*WHAT IS EXPECTED*.
Output exactly the lines between the line that contains "Lemma sorted_parts_above m" and the last line of the material, counting both.

= = =

Lemma prod_1BX_subseqs (s : seq nat) :
  \prod_(k <- s) (1 - x ^+ k) =
  \sum_(t <- subseqs s) (-1) ^+ size t * x ^+ sumn t.
Proof.
elim: s => [|k s IH]; first by rewrite big_nil big_seq1 mulr1.
rewrite big_cons IH /= big_cat big_map /= mulrBl mul1r addrC mulr_sumr -sumrN.
congr (_ + _); apply: eq_bigr => t _.
by rewrite exprS mulN1r mulNr mulrA (commr_sign (x ^+ k)) -mulrA -exprD.
Qed.

End ProdSubseqs.

Lemma coef_XnM_prod_1BX (s : seq nat) c n :
  ('X^c * \prod_(k <- s) (1 - 'X^k) : {poly int})`_n =
  \sum_(t <- subseqs s | (sumn t + c == n)%N) (-1) ^+ size t.
Proof.
rewrite prod_1BX_subseqs mulr_sumr coef_sum [RHS]big_mkcond.
apply: eq_bigr => t _.
rewrite mulrCA -exprD -polyC1 -polyCN -rmorphXn coefCM coefXn addnC eq_sym.
by case: eqP => _; rewrite ?mulr1 ?mulr0.
Qed.

Local Close Scope ring_scope.

Lemma leq_sumn_mem s x : x \in s -> x <= sumn s.
Proof.
elim: s => [|y s IH] //=; rewrite inE => /predU1P[->|/IH]; first exact: leq_addr.
by move/leq_trans; apply; apply: leq_addl.
Qed.

Lemma mem_parts_le f m n s :
  n <= f -> sorted geq s -> all (fun x => 0 < x) s -> all (fun x => x <= m) s ->
  sumn s = n -> s \in parts_le f m n.
Proof.
elim: f m n s => [|f IH] m n [|x s] le_nf sorted_s /= pos_s le_m sum_s.
- by rewrite -sum_s.
- by case/andP: pos_s => x_gt0 _; lia.
- by rewrite -sum_s.
case/andP: pos_s => x_gt0 pos_s; case/andP: le_m => le_xm le_m.
have -> : (n == 0) = false by lia.
apply/flattenP; exists [seq x :: t | t <- parts_le f x (n - x)].
  apply/mapP; exists x => //.
  by rewrite mem_iota x_gt0 add1n ltnS leq_min le_xm -sum_s leq_addr.
apply/map_f/IH => //; try lia.
- exact: path_sorted sorted_s.
- exact: order_path_min geq_trans sorted_s.
Qed.

Lemma mem_partitions n s : (s \in partitions n) = is_partition n s.
Proof.
rewrite mem_filter mem_undup; apply/andb_idr => /and3P[sorted_s pos_s /eqP sum_s].
apply: mem_parts_le => //; apply/allP => x x_in_s.
by rewrite -sum_s leq_sumn_mem.
Qed.

Lemma uniq_partitions n : uniq (partitions n).
Proof. by rewrite filter_uniq ?undup_uniq. Qed.

Definition parts_above m K :=
  [seq x <- rev (iota 1 K) | (m < x) && (odd x != odd m)].

Lemma mem_parts_above m K x :
  (x \in parts_above m K) = [&& m < x, x <= K & odd x != odd m].
Proof.
rewrite mem_filter mem_rev mem_iota add1n ltnS.
by case: (ltnP m x) => // lt_mx; rewrite (leq_ltn_trans _ lt_mx) // andbC.
Qed.

Lemma sorted_parts_above m K : sorted gtn (parts_above m K).
Proof. by apply: (sorted_filter gtn_trans); rewrite rev_sorted iota_ltn_sorted. Qed.

Lemma uniq_parts_above m K : uniq (parts_above m K).
Proof. by rewrite filter_uniq ?rev_uniq ?iota_uniq. Qed.

Lemma mem_subseqs_parts_above m K t :
  (t \in subseqs (parts_above m K)) =
  [&& sorted gtn t, all (fun x => m < x) t, all (fun x => x <= K) t
    & all (fun x => odd x != odd m) t].
Proof.
rewrite mem_subseqs subseq_gtn_sortedE ?sorted_parts_above // -!all_predI.
by congr (_ && _); apply: eq_all => x; rewrite /= mem_parts_above.
Qed.

Local Open Scope ring_scope.

(* The truncated q-Pochhammer symbol (q^(m+1); q^2)_oo, keeping the factors of
   degree at most K. *)
Definition poch_above K m : {poly int} := \prod_(k <- parts_above m K) (1 - 'X^k).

= = =

*SOLUTION FOR THIS EXERCISE*.
Lemma sorted_parts_above m K : sorted gtn (parts_above m K).
Proof. by apply: (sorted_filter gtn_trans); rewrite rev_sorted iota_ltn_sorted. Qed.

Lemma uniq_parts_above m K : uniq (parts_above m K).
Proof. by rewrite filter_uniq ?rev_uniq ?iota_uniq. Qed.

Lemma mem_subseqs_parts_above m K t :
  (t \in subseqs (parts_above m K)) =
  [&& sorted gtn t, all (fun x => m < x) t, all (fun x => x <= K) t
    & all (fun x => odd x != odd m) t].
Proof.
rewrite mem_subseqs subseq_gtn_sortedE ?sorted_parts_above // -!all_predI.
by congr (_ && _); apply: eq_all => x; rewrite /= mem_parts_above.
Qed.

Local Open Scope ring_scope.

(* The truncated q-Pochhammer symbol (q^(m+1); q^2)_oo, keeping the factors of
   degree at most K. *)
Definition poch_above K m : {poly int} := \prod_(k <- parts_above m K) (1 - 'X^k).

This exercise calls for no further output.